There were five of us brothers in my family and my folks raised us on city employee salaries, the Board of Education specifically.  I am still stupefied as to how they pulled it off, raising us as well-fed, educated, intellectually inquisitive, more or less happy young people.  My mom is a veteran bargain hunter, as well as a devout Catholic.  We’re not getting back to Rome any time soon, but, much to my chagrin, the mega-store is quickly proving to be her other pilgrimage.  Had we grown up in the Pocono’s instead of Brooklyn I don’t doubt that we would have been Wal-Mart babies. The New York native in me recoils at this thought of course, but how else to provide for a large family on a modest salary? 

Strange then that something “good” is something “bad”.  Can we have it both ways?  Can we have the convenience of a vast, modern economy and still preserve a daily life that hasn’t had the originality, autonomy and authenticity marketed out of existence?  Can we provide affordable goods without wreaking havoc on other sectors of our lives and other parts of the globe?  I hope the answer is yes. 

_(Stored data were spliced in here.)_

Lemma Cmod_mart_le_quarter (t : R) (K : nat) (X : nat -> nat) (e : nat) :
  (e < l)%nat -> (X e < K)%nat -> 4 * W (X e) <= t -> Cmod (mart t K X) <= / 4.
Proof.
  intros He HK Ht.
  assert (Hfac : Cmod (mart_factor t X e (X e)) <= / 4).
  { unfold mart_factor. rewrite Nat.leb_refl. apply Cmod_inv_1i_large.
    pose proof (W_pos (X e)).
    unfold Rdiv. rewrite !Rabs_mult, Rabs_sg, Rabs_inv, (Rabs_pos_eq (W (X e))) by lra.
    apply Rmult_le_reg_r with (W (X e)); [lra|].
    rewrite Rmult_1_r, Rmult_assoc, Rinv_l by lra. pose proof (Rle_abs t). lra. }
  eapply Rle_trans; [|exact Hfac].
  eapply Rle_trans; [apply Cmod_cprod_le_factor with (a := e); [|exact He]|].
  - intros; apply Cmod_cprod_le1; intros; apply Cmod_mart_factor_le1.
  - apply Cmod_cprod_le_factor; [intros; apply Cmod_mart_factor_le1 | exact HK].
Qed.

Lemma Re_mart_ge (t : R) (K N : nat) (X : nat -> nat) : 0 <= t ->
  (forall e, (e < l)%nat -> (N <= X e)%nat) ->
  1 - INR l * (t * (Winv_sum - sum_invW N)) <= Re (mart t K X).
Proof.
  intros Ht HN. eapply Rle_trans; [|apply Re_ge_1_sub_Cmod].
  apply Rplus_le_compat_l, Ropp_le_contravar.
  set (B := t * (Winv_sum - sum_invW N)).
  replace (INR l * B) with (INR l * B - INR 0 * B) by (simpl; ring).
  apply (Cmod_cprod_sub1 _ (fun e => INR e * B)).
  - intros; apply Cmod_cprod_le1; intros; apply Cmod_mart_factor_le1.
  - intros e He. rewrite S_INR.
    eapply Rle_trans.
    + apply Cmod_cprod_sub1 with (b := fun j => t * sum_invW (max j (X e))).
      * intros; apply Cmod_mart_factor_le1.
      * intros j _. rewrite <- Rmult_minus_distr_l, sum_invW_max_succ.
        unfold mart_factor. destruct (X e <=? j)%nat.
        -- eapply Rle_trans; [apply Cmod_inv_1i_sub1|]. pose proof (W_pos j).
           unfold Rdiv. rewrite !Rabs_mult, Rabs_sg, Rabs_inv, !Rabs_pos_eq by lra. lra.
        -- replace (RtoC 1 - 1)%C with (RtoC 0) by ring. rewrite Cmod_0. lra.
    + rewrite Nat.max_0_l. pose proof (sum_invW_le (max K (X e))).
      pose proof (sum_invW_mono N (X e) (HN e He)). unfold B. nra.
Qed.

Definition edges_at_least (N : nat) (X : nat -> nat) : bool :=
  forallb (fun i => N <=? X i - X0 i) (seq 0 l).

Lemma edges_at_least_spec (N : nat) (X : nat -> nat) :
  edges_at_least N X = true <-> forall e, (e < l)%nat -> (N <= X e - X0 e)%nat.
Proof.
  unfold edges_at_least. rewrite forallb_forall. split.
  - intros H e He. apply Nat.leb_le, H, in_seq. lia.
  - intros H e He. apply in_seq in He. apply Nat.leb_le, H. lia.
Qed.

Lemma edges_at_least_incr (N : nat) (X : nat -> nat) (a : nat) :
  edges_at_least N X = true -> edges_at_least N (incr X a) = true.
Proof.
  rewrite !edges_at_least_spec. intros H e He.
  specialize (H e He). pose proof (incr_bounds X a e). lia.
Qed.

Lemma edges_at_least_anti (N N' : nat) (X : nat -> nat) :
  (N <= N')%nat -> edges_at_least N' X = true -> edges_at_least N X = true.
Proof. rewrite !edges_at_least_spec. intros HN H e He. specialize (H e He). lia. Qed.

Lemma edges_at_least_entry (N : nat) (X : nat -> nat) (a : nat) : (a < l)%nat ->
  edges_at_least N X = false -> edges_at_least N (incr X a) = true -> incr X a a = (X0 a + N)%nat.
Proof.
  intros Ha HX HY. rewrite edges_at_least_spec in HY. pose proof (HY a Ha) as HYa.
  rewrite incr_eq in *.
  destruct (Nat.le_gt_cases N (X a - X0 a)) as [HN|HN]; [|lia].
  enough (edges_at_least N X = true) by congruence.
  apply edges_at_least_spec. intros e He. destruct (Nat.eq_dec e a) as [->|Hne]; [exact HN|].
  rewrite <- (incr_neq X a e Hne). apply HY, He.
Qed.

Definition superharmonic (K : nat) (H : (nat -> nat) -> R) : Prop :=
  forall X v, (v < l)%nat -> (forall e, (e < l)%nat -> (S (X e) < K)%nat) ->
  p_next X v * H (incr X v) + p_prev X v * H (incr X (vprev l v)) <= H X.

Lemma errw_expect_le (K : nat) (H f : (nat -> nat) -> R) :
  superharmonic K H -> (forall Y, f Y <= H Y) ->
  forall M X v, (v < l)%nat -> (forall e, (e < l)%nat -> (X e + M < K)%nat) ->
  errw_expect W l M X v f <= H X.
Proof.
  intros Hsup Hf M. induction M as [|M IH]; intros X v Hv HK; [apply Hf|].
  cbn [errw_expect]. fold (p_next X v) (p_prev X v).
  destruct (p_next_prev X v) as [Hn [Hp _]].
  eapply Rle_trans; [|apply (Hsup X v Hv); intros e He; specialize (HK e He); lia].
  apply Rplus_le_compat; apply Rmult_le_compat_l; auto; apply IH; auto using vnext_lt, vprev_lt;
    intros e He; pose proof (incr_bounds X v e); pose proof (incr_bounds X (vprev l v) e);
    specialize (HK e He); lia.
Qed.

(* [H X] bounds the probability, started from [X] and as long as no edge count reaches [K], to
   cross level [N'] on every edge; it is at most [q] right after some edge is crossed for the
   [N]-th time. *)
Record crossing_majorant (N N' K : nat) (q : R) (H : (nat -> nat) -> R) : Prop := {
  majorant_nonneg : forall X, 0 <= H X;
  majorant_ge1 : forall X, edges_at_least N' X = true -> 1 <= H X;
  majorant_superharmonic : superharmonic K H;
  majorant_entry : forall X e, (e < l)%nat -> X e = (X0 e + N)%nat -> (X e < K)%nat -> H X <= q }.

Lemma crossing_majorant_const (N K : nat) : crossing_majorant N N K 1 (fun _ => 1).
Proof.
  split; intros; try lra.
  intros X v _ _. destruct (p_next_prev X v) as [_ [_ Hs]]. lra.
Qed.

(* Below level [N'] the affine function [4/7 q (1 + Re mart)] of the martingale takes over: it is
   at least [q] where [N'] is first reached on all edges ([Re mart >= 3/4]) and at most [5/7 q]
   right after the [N]-th crossing of an edge ([|mart| <= 1/4]). *)
Lemma crossing_majorant_extend (N N' N'' K : nat) (q t : R) (H : (nat -> nat) -> R) :
  (N < N')%nat -> (N' <= N'')%nat -> 0 <= q ->
  (forall e, (e < l)%nat -> 4 * W (X0 e + N) <= t) ->
  (forall X, edges_at_least N' X = true -> 3/4 <= Re (mart t K X)) ->
  crossing_majorant N' N'' K q H ->
  crossing_majorant N N'' K (5/7 * q)
    (fun X => if edges_at_least N' X then H X else 4/7 * q * (1 + Re (mart t K X))).
Proof.
  intros HNN' HN'N'' Hq Ht Hnear HH. destruct HH as [H0 H1 Hsup Hentry].
  split.
  - intros X. destruct (edges_at_least N' X); [apply H0|].
    pose proof (Re_mart_bounds t K X). nra.
  - intros X HX. rewrite (edges_at_least_anti N' N'' X HN'N'' HX). apply H1, HX.
  - intros X v Hv HK. destruct (edges_at_least N' X) eqn:EX.
    { rewrite !edges_at_least_incr by exact EX. apply Hsup; assumption. }
    assert (Hle : forall a, (a < l)%nat ->
      (if edges_at_least N' (incr X a) then H (incr X a)
       else 4/7 * q * (1 + Re (mart t K (incr X a)))) <= 4/7 * q * (1 + Re (mart t K (incr X a)))).
    { intros a Ha. destruct (edges_at_least N' (incr X a)) eqn:EY; [|lra].
      pose proof (Hnear _ EY).
      apply Rle_trans with q; [|nra].
      apply (Hentry _ a Ha (edges_at_least_entry N' X a Ha EX EY)).
      rewrite incr_eq. apply HK, Ha. }
    pose proof (Hle v Hv). pose proof (Hle _ (vprev_lt v)).
    destruct (p_next_prev X v) as [Hn [Hp Hs]].
    rewrite (Re_mart_harmonic t K X v Hv) by (apply Nat.lt_succ_l, HK; auto using vprev_lt).
    nra.
  - intros X e He HXe HK. destruct (edges_at_least N' X) eqn:EX.
    { rewrite edges_at_least_spec in EX. specialize (EX e He). lia. }
    pose proof (Cmod_mart_le_quarter t K X e He HK ltac:(rewrite HXe; apply Ht, He)).
    pose proof (Re_le_Cmod (mart t K X)). nra.
Qed.

Lemma crossing_majorant_step (N : nat) : exists N', (N < N')%nat /\
  forall N'' K q H, (N' <= N'')%nat -> 0 <= q -> crossing_majorant N' N'' K q H ->
  exists H', crossing_majorant N N'' K (5/7 * q) H'.
Proof.
  destruct (upper_bound_lt (fun e => 4 * W (X0 e + N)) l) as [t Ht].
  assert (Ht_pos : 0 < t) by (pose proof (W_pos (X0 0 + N)); pose proof (Ht 0%nat ltac:(lia)); lra).
  assert (Hl : 0 < INR l) by (apply lt_0_INR; lia).
  destruct (sum_invW_tail (/ (4 * INR l * t))) as [N1 HN1];
    [apply Rinv_0_lt_compat; nra|].
  exists (N1 + N + 1)%nat. split; [lia|]. intros N'' K q H HN'' Hq HH.
  eexists. apply (crossing_majorant_extend N (N1 + N + 1) N'' K q t H); auto; [lia|].
  intros X HX. rewrite edges_at_least_spec in HX.
  eapply Rle_trans;
    [|apply (Re_mart_ge t K (N1 + N + 1)); [lra | intros e He; specialize (HX e He); lia]].
  specialize (HN1 (N1 + N + 1)%nat ltac:(lia)).
  assert (INR l * (t * (Winv_sum - sum_invW (N1 + N + 1))) <= INR l * (t * / (4 * INR l * t))).
  { apply Rmult_le_compat_l; [lra|]. apply Rmult_le_compat_l; lra. }
  replace (INR l * (t * / (4 * INR l * t))) with (/ 4) in * by (field; lra). lra.
Qed.

Lemma crossing_majorant_exists (J N : nat) : exists N'', (N <= N'')%nat /\
  forall K, exists H, crossing_majorant N N'' K ((5/7) ^ J) H.
Proof.
  revert N. induction J as [|J IH]; intros N.
  - exists N. split; [lia|]. intros K. exists (fun _ => 1). apply crossing_majorant_const.
  - destruct (crossing_majorant_step N) as [N' [HNN' Hstep]].
    destruct (IH N') as [N'' [HN'N'' HH]].
    exists N''. split; [lia|]. intros K. destruct (HH K) as [H HH'].
    apply (Hstep N'' K _ H HN'N''); [apply pow_le; lra | exact HH'].
Qed.

End Reinforcement.

Theorem mainTheorem3 (k : nat) (hk : (2 <= k)%nat)
  (W : nat -> R) (hWpos : forall m, 0 < W m)
  (hWsum : exists S, Un_cv (fun n => sum_f_R0 (fun m => / W m) n) S)
  (X0 : nat -> nat) (v0 : nat) (hv0 : (v0 < 2 * k)%nat) :
  forall eps, 0 < eps ->
  exists N : nat, forall M : nat,
    prob_all_edges_N_by_M W (2 * k) X0 v0 N M <= eps.
Proof.
  intros eps Heps. destruct hWsum as [Winv_sum HWinv].
  destruct (pow_lt_1_zero (5/7) ltac:(rewrite Rabs_pos_eq; lra) eps Heps) as [J HJ].
  specialize (HJ J (le_n J)). rewrite Rabs_pos_eq in HJ by (apply pow_le; lra).
  destruct (crossing_majorant_exists W hWpos Winv_sum HWinv k ltac:(lia) X0 J 0)
    as [N [_ HH]].
  exists N. intros M.
  destruct (nat_upper_bound_lt X0 (2 * k)) as [B HB].
  destruct (HH (B + M + 1)%nat) as [H [H0 H1 Hsup Hentry]].
  apply Rle_trans with (H X0); [|apply Rle_trans with ((5/7) ^ J); [|lra]].
  - apply (errw_expect_le W hWpos k ltac:(lia) (B + M + 1) H); auto.
    + intros Y. unfold all_edges_at_least. fold (edges_at_least k X0 N Y).
      destruct (edges_at_least k X0 N Y) eqn:E; [apply H1, E | apply H0].
    + intros e He. specialize (HB e He). lia.
  - apply (Hentry X0 0%nat); [lia | lia | specialize (HB 0%nat ltac:(lia)); lia].
Qed.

Saint Peter’s Basilica is a triumph of human creativity.  No matter what it represents, it is still among the most beautiful and transporting things created by mankind.  Wal-Mart, while no beauty, is also a triumph in its own right, a product of the most advanced part of our global economy and technology.  Neither is perfect of course, and both in many ways are still works in progress.  The world is full of triumphs - complicated, imperfect, ever improving triumphs.  Whitman said that America is a poem constantly rewriting itself.  The bright spot of hope in that thought is that we are all the poets of that great work, so the responsibility for change lies in ourselves, and who better to do it?  Whitman also said,  “Do I contradict myself, very well then I contradict myself.  I am large, I contain multitudes.”  I think we have to embrace these types of contradictions if we are truly going to make changes in the world.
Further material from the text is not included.